Планировали ли вместе Зюсмайр и Констанция, родившая ему ребенка 26 июля 1791 года (Франц Ксавер Вольфганг), гибель Моцарта – это вопрос, поскольку Констанца еще в июле, видимо, ничего не подозревала и сама указывала в это время на возможность отравления. Однако буквально через несколько недель она, должно быть, узнала о покушении, поскольку именно к этому времени относились её инсценировки, отвлекающие маневры, и она еще более сблизилась с Зюсмайром. В это время им пришла мысль узаконить свои отношения.
Вопрос, подталкивал ли Сальери Зюсмайра к покушению на убийство непосредственно или только туманными намеками, пока можно отложить хотя бы потому, что такой Зюсмайр пришёлся как нельзя кстати.

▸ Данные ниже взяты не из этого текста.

(* The countably many witnesses needed to enlarge A0 inside the family:
   - [inl n] at y: the support of a G_n-part g of y modulo A0;
   - [inr (n, i, m)] at y: the support of a solution x in G_n of
     m x = y modulo (A0 \cap G_n) + G_i. *)
Definition ext_witness (kk : nat + nat * nat * int) (y : G) : seq G :=
  match kk with
  | inl n => pick_support n (fun g => Gn n g /\ A0 (y - g))
  | inr (n, i, m) => pick_support n
      (fun x => Gn n x /\ Defs.setD (Defs.setI A0 (Gn n)) (Gn i) (x *~ m - y))
  end.

Variable Y : G -> Prop.
Hypothesis closedY : forall kk y, gen Y y -> forall z, z \in ext_witness kk y -> Y z.

Let A := Defs.setD A0 (gen Y).

Lemma ext_subgrp : subgrp A.
Proof. exact: subgrp_sumset famA0.1 (gen_subgrp Y). Qed.

Lemma ext_meet n a : Defs.setI A (Gn n) a ->
  exists b g, [/\ Defs.setI A0 (Gn n) b, gen (Defs.setI (X n) Y) g & a = b + g].
Proof.
move=> [[a0 [y [A0a0 [Yy ->]]]] Gna].
have exP : exists g, Gn n g /\ A0 (y - g).
  exists (a0 + y); split=> //.
  by rewrite opprD addrCA subrr addr0; apply: subgrpN famA0.1 _.
have [g [[Gng A0yg] Yg]] :=
  pick_supportP exP (fun _ hP => hP.1) (closedY (kk := inl n) Yy).
exists (a0 + y - g), g; split=> //; last by rewrite subrK.
split; last exact: subgrpB (chain_subgrp n) Gna Gng.
by rewrite -addrA; apply: subgrpD famA0.1 A0a0 A0yg.
Qed.

Lemma ext_calB n : calB Gn X n (Defs.setI A (Gn n)).
Proof.
have [[S [SX hS]] _] := famA0.2 n.
exists (fun z => S z \/ Defs.setI (X n) Y z); split=> [z [/SX|[]] // | x]; split.
  move=> /ext_meet [b [g [/hS Sb Yg ->]]].
  by apply: subgrpD (gen_subgrp _) (gen_mono _ Sb) (gen_mono _ Yg) => z; [left|right].
apply: gen_min; first exact: subgrpI ext_subgrp (chain_subgrp n).
move=> z [/gen_in/hS [A0z Gz] | [Xz Yz]]; split=> //.
- exact: sumset_l (gen_subgrp Y) A0z.
- exact: sumset_r famA0.1 (gen_in Yz).
- exact: (basisX n).1.
Qed.

(* The purity of (A \cap G_n) + G_i, the heart of the argument: a solution
   found in G_n is corrected, via the witness of <Y> and the purity of
   (A0 \cap G_n) + G_i, into a solution in (A \cap G_n) + G_i. *)
Lemma ext_pure n i : pure (Defs.setD (Defs.setI A (Gn n)) (Gn i)).
Proof.
have hAn := subgrpI ext_subgrp (chain_subgrp n).
case: (leqP n i) => [ni | /ltnW lt_in].
  by apply: pure_sum_chain hAn _ => x [_ /(chain_mono ni)].
pose Q := Defs.setD (Defs.setI A0 (Gn n)) (Gn i).
have sgQ : subgrp Q := subgrp_sumset (subgrpI famA0.1 (chain_subgrp n)) (chain_subgrp i).
have pureQ : pure Q by have [_ /(_ i)] := famA0.2 n.
move=> m _ [a [g0 [Aa [Gig0 ->]]]] hx.
have Gnp : Gn n (a + g0) by apply: subgrpD (chain_subgrp n) Aa.2 (chain_mono lt_in Gig0).
have [x1 [Gnx1 hx1]] := chain_pure Gnp hx.
have [b [g [[A0b Gnb] Yg ea]]] := ext_meet Aa; subst a.
have Qx1 : Q (x1 *~ m - g) by exists b, g0; rewrite hx1 addrAC addrK.
have gY : gen Y g by apply: gen_mono Yg => z [].
have exP : exists x, Gn n x /\ Q (x *~ m - g) by exists x1.
have [x2 [[Gnx2 Qx2] Yx2]] :=
  pick_supportP exP (fun _ hP => hP.1) (closedY (kk := inr (n, i, m)) gY).
have Qd : Q ((x1 - x2) *~ m).
  have := subgrpB sgQ Qx1 Qx2.
  by rewrite opprD opprK addrACA addNr addr0 -mulrzBl.
have [_ [[a' [b' [[A0a' Gna'] [Gib' ->]]]] hw]] :=
  pureQ m _ Qd (ex_intro _ (x1 - x2) erefl).
exists (x2 + (a' + b')); split.
  exists (x2 + a'), b'; rewrite addrA; do !split=> //.
  - apply: subgrpD ext_subgrp _ (sumset_l (gen_subgrp Y) A0a').
    by apply: sumset_r famA0.1 _; apply: gen_mono Yx2 => z [].
  - exact: subgrpD (chain_subgrp n) Gnx2 Gna'.
by rewrite mulrzDl hw -mulrzDl addrC subrK hx1.
Qed.

Lemma ext_fam : calBfam Gn X A.
Proof. by split=> [|n]; [exact: ext_subgrp | split; [exact: ext_calB | exact: ext_pure]]. Qed.

End Extension.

Уже доктор медицины Дитер Кернер задавался вопросом, возможно ли столь скрупулезную операцию (интоксикацию) произвести в одиночку, ведь введение и дозирование препаратов ртути дело чрезвычайно тонкое. Стоял и второй вопрос – с источником получения этих препаратов. На это пока можно ответить так: Зюсмайр в любое время имел доступ не только к Сальери, но и к Моцарту, Констанция не могла не оставаться под подозрением, а граф Вальзегг цу Штуппах имел непосредственный доступ к этому яду.

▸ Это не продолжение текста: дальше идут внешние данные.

(* Convexity of [x ^ (r + 1)], from [ln (1 - 1/m) <= - 1/m] and [1 + y <= exp y]. *)
Lemma Rpower_sub_Rpower_ge r m : r < -1 -> 2 <= m ->
  - (r + 1) * Rpower m r <= Rpower (m - 1) (r + 1) - Rpower m (r + 1).
Proof.
  intros Hr Hm. set (s := r + 1). assert (Hs : s < 0) by (unfold s; lra).
  assert (Hrs : Rpower m r = Rpower m s / m).
  { unfold s. rewrite Rpower_plus, Rpower_1 by lra. field. lra. }
  assert (Hln : ln (m - 1) <= ln m - / m).
  { replace (ln m - / m) with (ln (m * exp (- / m)))
      by (rewrite ln_mult, ln_exp; [ring | lra | apply exp_pos]).
    apply ln_le; [lra|]. pose proof (exp_ineq1_le (- / m)).
    replace (m - 1) with (m * (1 + - / m)) by (field; lra).
    apply Rmult_le_compat_l; lra. }
  assert (Hpow : Rpower m s * (1 - s / m) <= Rpower (m - 1) s).
  { apply Rle_trans with (Rpower m s * exp (- s / m)).
    - apply Rmult_le_compat_l; [left; apply exp_pos|].
      replace (1 - s / m) with (1 + - s / m) by (unfold Rdiv; ring). apply exp_ineq1_le.
    - unfold Rpower. rewrite <- exp_plus. apply exp_le.
      assert (0 <= - s * (ln m - / m - ln (m - 1))) by (apply Rmult_le_pos; lra).
      unfold Rdiv. lra. }
  rewrite Hrs. unfold Rdiv in *. lra.
Qed.

Lemma Rsum_Rpower_le r a n : r < -1 -> (1 <= a)%nat ->
  Rsum (map (fun m => Rpower (INR m) r) (seq (S a) n)) <= Rpower (INR a) (r + 1) / - (r + 1).
Proof.
  intros Hr Ha.
  assert (Htelescope : forall a, (1 <= a)%nat ->
    - (r + 1) * Rsum (map (fun m => Rpower (INR m) r) (seq (S a) n))
      <= Rpower (INR a) (r + 1) - Rpower (INR (a + n)) (r + 1)).
  { clear a Ha. induction n as [|n IH]; intros a Ha.
    - simpl. rewrite Nat.add_0_r. lra.
    - cbn [seq map]. unfold Rsum in *. cbn [fold_right].
      pose proof (IH (S a) ltac:(lia)) as Hrest.
      assert (H2 : 2 <= INR (S a)) by (rewrite S_INR; apply le_INR in Ha; simpl in Ha; lra).
      pose proof (Rpower_sub_Rpower_ge r (INR (S a)) Hr H2) as Hstep.
      replace (INR (S a) - 1) with (INR a) in Hstep by (rewrite S_INR; ring).
      replace (a + S n)%nat with (S a + n)%nat by lia. lra. }
  pose proof (Htelescope a Ha). pose proof (exp_pos ((r + 1) * ln (INR (a + n)))).
  unfold Rpower in *. apply Rmult_le_reg_l with (- (r + 1)); [lra|].
  field_simplify; lra.
Qed.

Lemma cpow_eq x c : cpow x c =
  (exp (Re c * ln x) * cos (Im c * ln x), exp (Re c * ln x) * sin (Im c * ln x)).
Proof. unfold cpow, Cmult, RtoC; simpl. f_equal; ring. Qed.

Lemma cpow_mult x y c : 0 < x -> 0 < y -> cpow (x * y) c = (cpow x c * cpow y c)%C.
Proof.
  intros Hx Hy. rewrite !cpow_eq, ln_mult by auto. unfold Cmult; simpl.
  rewrite !Rmult_plus_distr_l, exp_plus, cos_plus, sin_plus. f_equal; ring.
Qed.

Lemma cpow_1 c : cpow 1 c = 1%C.
Proof.
  rewrite cpow_eq, ln_1, !Rmult_0_r, exp_0, cos_0, sin_0.
  unfold RtoC. f_equal; ring.
Qed.

Lemma cpow_pow x c i : 0 < x -> cpow (x ^ i) c = (cpow x c ^ i)%C.
Proof.
  intros Hx. induction i as [|i IH]; simpl; [apply cpow_1|].
  rewrite cpow_mult, IH; auto. now apply pow_lt.
Qed.

Lemma cpow_INR_mult x i c : 0 < x -> cpow x (INR i * c) = (cpow x c ^ i)%C.
Proof.
  intros Hx. rewrite <- cpow_pow by auto. rewrite !cpow_eq, ln_pow by auto.
  unfold Cmult, RtoC, Re, Im; simpl. f_equal; f_equal; f_equal; ring.
Qed.

Lemma Cmod_cpow x c : Cmod (cpow x c) = Rpower x (Re c).
Proof.
  rewrite cpow_eq. unfold Cmod, Rpower; simpl.
  set (E := exp (Re c * ln x)). set (t := Im c * ln x).
  replace (E * cos t * (E * cos t * 1) + E * sin t * (E * sin t * 1))
    with (E ^ 2 * ((sin t)² + (cos t)²)) by (unfold Rsqr; ring).
  rewrite sin2_cos2, Rmult_1_r. apply sqrt_pow2. left; apply exp_pos.
Qed.

Definition nat_prime (p : nat) : Prop := prime (Z.of_nat p).

Lemma isprime_natP p : isprime_nat p = true <-> nat_prime p.
Proof.
  unfold isprime_nat, nat_prime.
  destruct (prime_dec (Z.of_nat p)); split; auto; discriminate.
Qed.

Lemma nat_prime_ge2 p : nat_prime p -> (2 <= p)%nat.
Proof. intros H. apply prime_ge_2 in H. lia. Qed.

Lemma Nat_divide_Z a b : Nat.divide a b <-> (Z.of_nat a | Z.of_nat b)%Z.
Proof.
  split.
  - intros [k ->]. exists (Z.of_nat k). now rewrite Nat2Z.inj_mul.
  - intros [k Hk]. destruct (Nat.eq_dec a 0) as [->|Ha].
    + exists 0%nat. lia.
    + exists (Z.to_nat k). nia.
Qed.

Lemma nat_prime_divide_mul p a b : nat_prime p ->
  Nat.divide p (a * b) -> Nat.divide p a \/ Nat.divide p b.
Proof.
  intros Hp H. rewrite Nat_divide_Z, Nat2Z.inj_mul in H.
  rewrite !Nat_divide_Z. now apply prime_mult.
Qed.

Lemma nat_prime_gauss p d x : nat_prime p -> ~ Nat.divide p d ->
  Nat.divide d (p * x) -> Nat.divide d x.
Proof.
  intros Hp Hd H. rewrite Nat_divide_Z in *. rewrite Nat2Z.inj_mul in H.
  apply Gauss with (Z.of_nat p); auto.
  apply rel_prime_sym, prime_rel_prime; auto.
Qed.

Lemma nat_prime_divide_pow p q e : nat_prime p -> nat_prime q ->
  Nat.divide p (q ^ e) -> p = q.
Proof.
  intros Hp Hq. induction e as [|e IH]; simpl; intros H.
  - apply Nat.divide_pos_le in H; [|lia]. apply nat_prime_ge2 in Hp. lia.
  - destruct (nat_prime_divide_mul _ _ _ Hp H) as [Hpq|]; auto.
    rewrite Nat_divide_Z in Hpq. apply Nat2Z.inj, prime_div_prime; auto.
Qed.

Lemma exists_prime_divisor n : (2 <= n)%nat -> exists p, nat_prime p /\ Nat.divide p n.
Proof.
  induction n as [n IH] using lt_wf_ind. intros Hn.
  destruct (prime_dec (Z.of_nat n)) as [Hp|Hp].
  - exists n. split; auto. apply Nat.divide_refl.
  - destruct (not_prime_divide (Z.of_nat n)) as [z [Hz Hzn]]; [lia|auto|].
    destruct (IH (Z.to_nat z)) as [p [Hp' Hpz]]; try lia.
    exists p. split; auto. apply Nat.divide_trans with (Z.to_nat z); auto.
    apply Nat_divide_Z. now rewrite Z2Nat.id by lia.
Qed.

Definition divisors (n : nat) : list nat :=
  filter (fun d => Nat.eqb (n mod d) 0) (seq 1 n).

Lemma in_divisors n d : (1 <= n)%nat -> In d (divisors n) <-> Nat.divide d n.
Proof.
  intros Hn. unfold divisors. rewrite filter_In, in_seq, Nat.eqb_eq, Nat.Lcm0.mod_divide.
  split; [tauto|]. intros Hd. split; auto.
  destruct d as [|d]; [apply Nat.divide_0_l in Hd; lia|].
  apply Nat.divide_pos_le in Hd; lia.
Qed.

Lemma divide_prime_pow_mul p m k d : nat_prime p -> ~ Nat.divide p m ->
  Nat.divide d (p ^ k * m) ->
  exists i e, (i <= k)%nat /\ Nat.divide e m /\ d = (p ^ i * e)%nat.
Proof.
  intros Hp Hpm. pose proof (nat_prime_ge2 p Hp).
  revert d. induction k as [|k IH]; intros d Hd.
  - exists 0%nat, d. simpl in *. rewrite Nat.add_0_r in Hd. repeat split; auto; lia.
  - rewrite Nat.pow_succ_r', <- Nat.mul_assoc in Hd.
    destruct (classic (Nat.divide p d)) as [[d' ->]|Hnd].
    + rewrite (Nat.mul_comm d') in Hd. apply Nat.mul_divide_cancel_l in Hd; [|lia].
      destruct (IH d' Hd) as [i [e [Hi [He ->]]]].
      exists (S i), e. repeat split; auto; try lia. rewrite Nat.pow_succ_r'. lia.
    + destruct (IH d (nat_prime_gauss _ _ _ Hp Hnd Hd)) as [i [e [Hi [He ->]]]].
      exists i, e. repeat split; auto.
Qed.

Lemma prime_pow_mul_inj p i j d e : nat_prime p -> ~ Nat.divide p d -> ~ Nat.divide p e ->
  (p ^ i * d = p ^ j * e)%nat -> i = j.
Proof.
  intros Hp Hd He. pose proof (nat_prime_ge2 p Hp).
  revert j. induction i as [|i IH]; intros [|j] Hij; simpl in Hij; auto.
  - exfalso. apply Hd. exists (p ^ j * e)%nat. lia.
  - exfalso. apply He. exists (p ^ i * d)%nat. lia.
  - f_equal. apply IH. apply Nat.mul_cancel_l with p; lia.
Qed.

Lemma divisors_prime_pow_mul p m k : nat_prime p -> (1 <= m)%nat -> ~ Nat.divide p m ->
  Permutation (divisors (p ^ k * m))
    (flat_map (fun i => map (fun d => p ^ i * d)%nat (divisors m)) (seq 0 (S k))).
Proof.
  intros Hp Hm Hpm. pose proof (nat_prime_ge2 p Hp).
  assert (Hpow : forall i, (0 < p ^ i)%nat) by (intros; apply Nat.neq_0_lt_0, Nat.pow_nonzero; lia).
  assert (Hcoprime : forall d, In d (divisors m) -> ~ Nat.divide p d).
  { intros d Hd Hpd. apply in_divisors in Hd; auto. apply Hpm. now apply Nat.divide_trans with d. }
  apply NoDup_Permutation.
  - apply NoDup_filter, seq_NoDup.
  - apply NoDup_flat_map; [apply seq_NoDup| |].
    + intros i _. apply FinFun.Injective_map_NoDup; [|apply NoDup_filter, seq_NoDup].
      intros d e Hde. apply Nat.mul_cancel_l with (p ^ i)%nat; auto. specialize (Hpow i). lia.
    + intros i j x _ _ Hi Hj. rewrite in_map_iff in Hi, Hj.
      destruct Hi as [d [<- Hd]], Hj as [e [Hde He]].
      apply (prime_pow_mul_inj p i j d e); auto.
  - intros x. specialize (Hpow k). rewrite in_divisors, in_flat_map by nia. split.
    + intros Hx. destruct (divide_prime_pow_mul p m k x Hp Hpm Hx) as [i [e [Hi [He ->]]]].
      exists i. rewrite in_seq, in_map_iff. split; [lia|]. exists e. rewrite in_divisors; auto.
    + intros [i [Hi Hx]]. rewrite in_seq in Hi. rewrite in_map_iff in Hx.
      destruct Hx as [d [<- Hd]]. apply in_divisors in Hd; auto.
      replace k with (i + (k - i))%nat by lia. rewrite Nat.pow_add_r, <- Nat.mul_assoc.
      apply Nat.mul_divide_mono_l, Nat.divide_mul_r, Hd.
Qed.

(** * Multiplicativity of sigma_c *)

Lemma sigma_pp_Some c p k : (1 <= p)%nat ->
  sigma_pp c p (Some k) = Csum (map (fun i => cpow (INR p) c ^ i)%C (seq 0 (S k))).
Proof.
  intros Hp. unfold sigma_pp. f_equal. apply map_ext. intros i.
  apply cpow_INR_mult, lt_0_INR. lia.
Qed.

Что знал Сальери, – а Констанция уверена, что Зюсмайр ничего от него не скрывал, – знал и двор, а что знал двор, не могло пройти мимо графа Вальзегга, поддерживавшего хорошие отношения с венской знатью. Интересна реакция Коллоредо на восхищение, высказанное по поводу его талантливого Моцарта: «Он молчал только и пожимал плечами». Именно архиепископ Зальцбурга Иероним Коллоредо называл Моцарта за глаза не иначе, как «горбун».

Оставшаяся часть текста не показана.